Let psi_lin : klinear psi. Proof. by case: psi_iso. Qed.
Let psiM x y : psi (x * y) = psi x * psi y. Proof. by case: psi_iso. Qed.
Let psi1 : psi 1 = 1. Proof. by case: psi_iso. Qed.
Let psi_e s : psi (e1 s) = e2 s. Proof. by case: psi_iso => _ _ _ []. Qed.
Let psi_bij : bijective psi. Proof. by case: psi_iso => _ _ _ []. Qed.
Let psi_br a b : teq2 (dbr2 (psi a) (psi b)) [seq (psi p.1, psi p.2) | p <- dbr1 a b].
Proof. by case: psi_iso. Qed.

(* An isomorphism of double brackets carries an element satisfying the moment
   map axiom for e onto one satisfying it for psi e: test the transported
   bracket against the pulled-back bilinear map f o (psi x psi). *)
Lemma iso_moment_formula (e P : A1) :
  (forall a, teq2 (dbr1 P a) (moment_rhs e P a)) ->
  forall a, teq2 (dbr2 (psi P) a) (moment_rhs (psi e) (psi P) a).
Proof.
move=> momP a V f fb; have [psi_inv _ psi_invK] := psi_bij.
have pull_fb : bilinear_map (fun u v => f (psi u) (psi v)).
  by split=> c x y z; rewrite psi_lin; [exact: fb.1 | exact: fb.2].
rewrite -(psi_invK a) (psi_br P (psi_inv a) fb) big_map (momP _ _ _ pull_fb).
rewrite /moment_rhs /tscale2 /= !big_cons !big_nil /=.
by rewrite !(klinearZ psi_lin) !(klinearN psi_lin) !psiM.
Qed.

Lemma iso_mult_moment_map (Phi : A1) :
  mult_moment_map e1 dbr1 Phi -> mult_moment_map e2 dbr2 (psi Phi).
Proof.
move=> [[y [Phiy yPhi]] [Ps [Ps_corner PhiE momPs]]].
split; first by exists (psi y); rewrite -!psiM Phiy yPhi psi1.
exists (fun s => psi (Ps s)); split.
- by move=> s; have [x ->] := Ps_corner s; exists (psi x); rewrite !psiM psi_e.
- by rewrite PhiE (klinear_sum psi_lin).
- by move=> s; rewrite -psi_e; exact: iso_moment_formula.
Qed.

End Transport.

Unset Implicit Arguments.

(* Main theorem. *)
Theorem mainTheorem14 (k : fieldType) (I : finType) (A1 A2 : algType k)
  (e1 : I -> A1) (e2 : I -> A2)
  (dbr1 : A1 -> A1 -> tens2 A1) (dbr2 : A2 -> A2 -> tens2 A2)
  (psi : A1 -> A2) (Phi1 : A1) (Phi2 : A2) :
  [pchar k] =i pred0 ->
  fin_gen A1 -> fin_gen A2 ->
  B_structure e1 -> B_structure e2 ->
  double_quasi_Poisson e1 dbr1 -> double_quasi_Poisson e2 dbr2 ->
  dqp_iso e1 e2 dbr1 dbr2 psi ->
  mult_moment_map e1 dbr1 Phi1 -> mult_moment_map e2 dbr2 Phi2 ->
  exists nu : I -> k,
    (forall s, nu s != 0) /\ Phi2 = (\sum_(s : I) nu s *: e2 s) * psi Phi1.
Proof.
move=> char0 _ _ _ e2_B _ [[_ _ dbr2_anti _ _] _] psi_iso mm1 mm2.
have two0 : (2%:R : k) != 0 by move/pcharf0P: char0 => ->.
exact: (moment_map_unique two0 e2_B dbr2_anti (iso_mult_moment_map psi_iso mm1) mm2).
Qed.
(* For every $\varkappa>0$, the function $\lambda\mapsto\partial_\lambda p(\lambda,\varkappa)$ has exactly one zero $\lambda_0$ in the open interval $(-2K,0)$, and at this zero $\partial_\lambda^2p(\lambda_0,\varkappa)<0$.
   Context: Fix real $J_1<J_2<J_3$; $\rho=\tfrac12\sqrt{J_3-J_1}$, $k=\sqrt{(J_2-J_1)/(J_3-J_1)}\in(0,1)$, $K=K(k)$ the complete elliptic integral of the first kind. $w_1(\lambda)=\rho/\mathrm{sn}(\lambda,k)$, $w_2(\lambda)=\rho\,\mathrm{dn}(\lambda,k)/\mathrm{sn}(\lambda,k)$, $w_3(\lambda)=\rho\,\mathrm{cn}(\lambda,k)/\mathrm{sn}(\lambda,k)$ (Jacobi elliptic functions of modulus $k$). For real $\lambda\in(-2K,0)$ and $\varkappa>0$, $p(\lambda,\varkappa)=\varkappa w_3(\lambda)-2w_1(\lambda)w_2(\lambda)$. *)

From Stdlib Require Import Reals Lra ClassicalEpsilon.
From Coquelicot Require Import Coquelicot.
Open Scope R_scope.

Definition ellF (k phi : R) : R :=
  RInt (fun t => / sqrt (1 - k ^ 2 * sin t ^ 2)) 0 phi.

Definition ellK (k : R) : R := ellF k (PI / 2).

(* Jacobi amplitude: am(x, k) is the phi with F(phi, k) = x
   (F(., k) is an increasing bijection R -> R for 0 <= k < 1). *)
Definition jam (k x : R) : R :=
  epsilon (inhabits 0) (fun phi => ellF k phi = x).

Definition jsn (k x : R) : R := sin (jam k x).
Definition jcn (k x : R) : R := cos (jam k x).
Definition jdn (k x : R) : R := sqrt (1 - k ^ 2 * jsn k x ^ 2).

Definition rho (J1 J3 : R) : R := sqrt (J3 - J1) / 2.
Definition kmod (J1 J2 J3 : R) : R := sqrt ((J2 - J1) / (J3 - J1)).

Definition w1 (J1 J2 J3 l : R) : R := rho J1 J3 / jsn (kmod J1 J2 J3) l.
Definition w2 (J1 J2 J3 l : R) : R :=
  rho J1 J3 * jdn (kmod J1 J2 J3) l / jsn (kmod J1 J2 J3) l.
Definition w3 (J1 J2 J3 l : R) : R :=
  rho J1 J3 * jcn (kmod J1 J2 J3) l / jsn (kmod J1 J2 J3) l.

Definition pfun (J1 J2 J3 l kappa : R) : R :=
  kappa * w3 J1 J2 J3 l - 2 * w1 J1 J2 J3 l * w2 J1 J2 J3 l.

(* Substitute phi = am(lambda), so that dphi/dlambda = dn.  Then dp/dlambda factors as
   [- rho dn / sn^2] times [kappa - 2 rho cot(phi) (dn + 1/dn)].  For lambda in (-2K, 0)
   the amplitude phi ranges over (-PI, 0), where the first factor is negative and the
   second is strictly increasing (by an elementary quartic inequality) and changes sign
   between the endpoints.  Hence dp/dlambda has a single zero, and there its derivative is
   the negative first factor times dn times the positive derivative of the second. *)

From Stdlib Require Import Reals Lra Psatz ClassicalEpsilon Ranalysis5.
From Coquelicot Require Import Coquelicot.
Open Scope R_scope.
Lemma series_harmonic_eq0 y : y 0%N = 0 -> y (f (snk G2)) = 0 ->
  harmonic (series G1 G2) y -> forall v, (v < nv G1 + nv G2 - 1)%N -> y v = 0.
Proof.
move=> y0 y_snk yG; set a := y (snk G1).
have snk_ge : (nv G1 <= f (snk G2))%N := ser_map_ge snk2_gt0.
have y1 : harmonic G1 y.
  move=> v v0 vn v_snk1; rewrite -(yG v v0) /=; try lia.
  by rewrite (flow_glue_l _ E2_lt) // => b _; apply: ser_map_neq.
have y2 : harmonic G2 (y \o f).
  move=> w w0 wn w_snk2; have fw_ge := ser_map_ge w0.
  rewrite -(yG (f w)) /= ?(inj_eq ser_map_inj) ?ser_map_lt //; last by lia.
  by rewrite (flow_glue_r E1_lt E2_lt f_inj _ wn fw_ge).
have r1_neq0 : r1 != 0 by rewrite lt0r_neq0.
have r2_neq0 : r2 != 0 by rewrite lt0r_neq0.
have yE1 := harmonicE wf1 x1G r1_neq0 y1.
have yE2 := harmonicE wf2 x2G r2_neq0 y2.
rewrite /= ser_map0 y_snk -/a y0 subr0 in yE1 yE2.
(* the current balance at the junction t1 = s2 forces a (1/r1 + 1/r2) = 0 *)
have a0 : a = 0.
  have : flow (edges (series G1 G2)) y (snk G1) = 0 by apply: yG => /=; lia.
  rewrite /= (flow_glue _ E2_lt f_inj _ ser_map0 nv2_gt0).
  rewrite (flow_affine_in E1_lt snk1_lt yE1) (flow_affine_in E2_lt nv2_gt0 yE2).
  rewrite (potential_snk_flow x1G) (potential_src_flow x2G) => /eqP.
  have inv_sum_gt0 : 0 < r1^-1 + r2^-1 by rewrite addr_gt0 ?invr_gt0.
  have -> : a / r1 * 1 + (0 - a) / r2 * -1 = a * (r1^-1 + r2^-1) by ring.
  by rewrite mulf_eq0 (gt_eqF inv_sum_gt0) orbF => /eqP.
move=> v vn; have [v1|v1] := ltnP v (nv G1).
  by rewrite yE1 // a0 !mul0r addr0.
have wn : (ser_unmap v < nv G2)%N by rewrite /ser_unmap; lia.
by rewrite -(ser_unmapK v1) yE2 // a0 subrr !mul0r addr0.
Qed.

Lemma series_wf : wf_tgraph (series G1 G2).
Proof.
split=> //=; [exact: src_eq0 wf1 | | exact: ser_map_lt | exact: series_edges_lt |].
  by have := ser_map_ge snk2_gt0; lia.
exact: series_harmonic_eq0.
Qed.

End Series.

----------

→ Your objective
The "by rewrite mulf_eq0" line through the last line above: set these down exactly and add nothing else.

→ Task answer
  by rewrite mulf_eq0 (gt_eqF inv_sum_gt0) orbF => /eqP.
move=> v vn; have [v1|v1] := ltnP v (nv G1).
  by rewrite yE1 // a0 !mul0r addr0.
have wn : (ser_unmap v < nv G2)%N by rewrite /ser_unmap; lia.
by rewrite -(ser_unmapK v1) yE2 // a0 subrr !mul0r addr0.
Qed.

Lemma series_wf : wf_tgraph (series G1 G2).
Proof.
split=> //=; [exact: src_eq0 wf1 | | exact: ser_map_lt | exact: series_edges_lt |].
  by have := ser_map_ge snk2_gt0; lia.
exact: series_harmonic_eq0.
Qed.

End Series.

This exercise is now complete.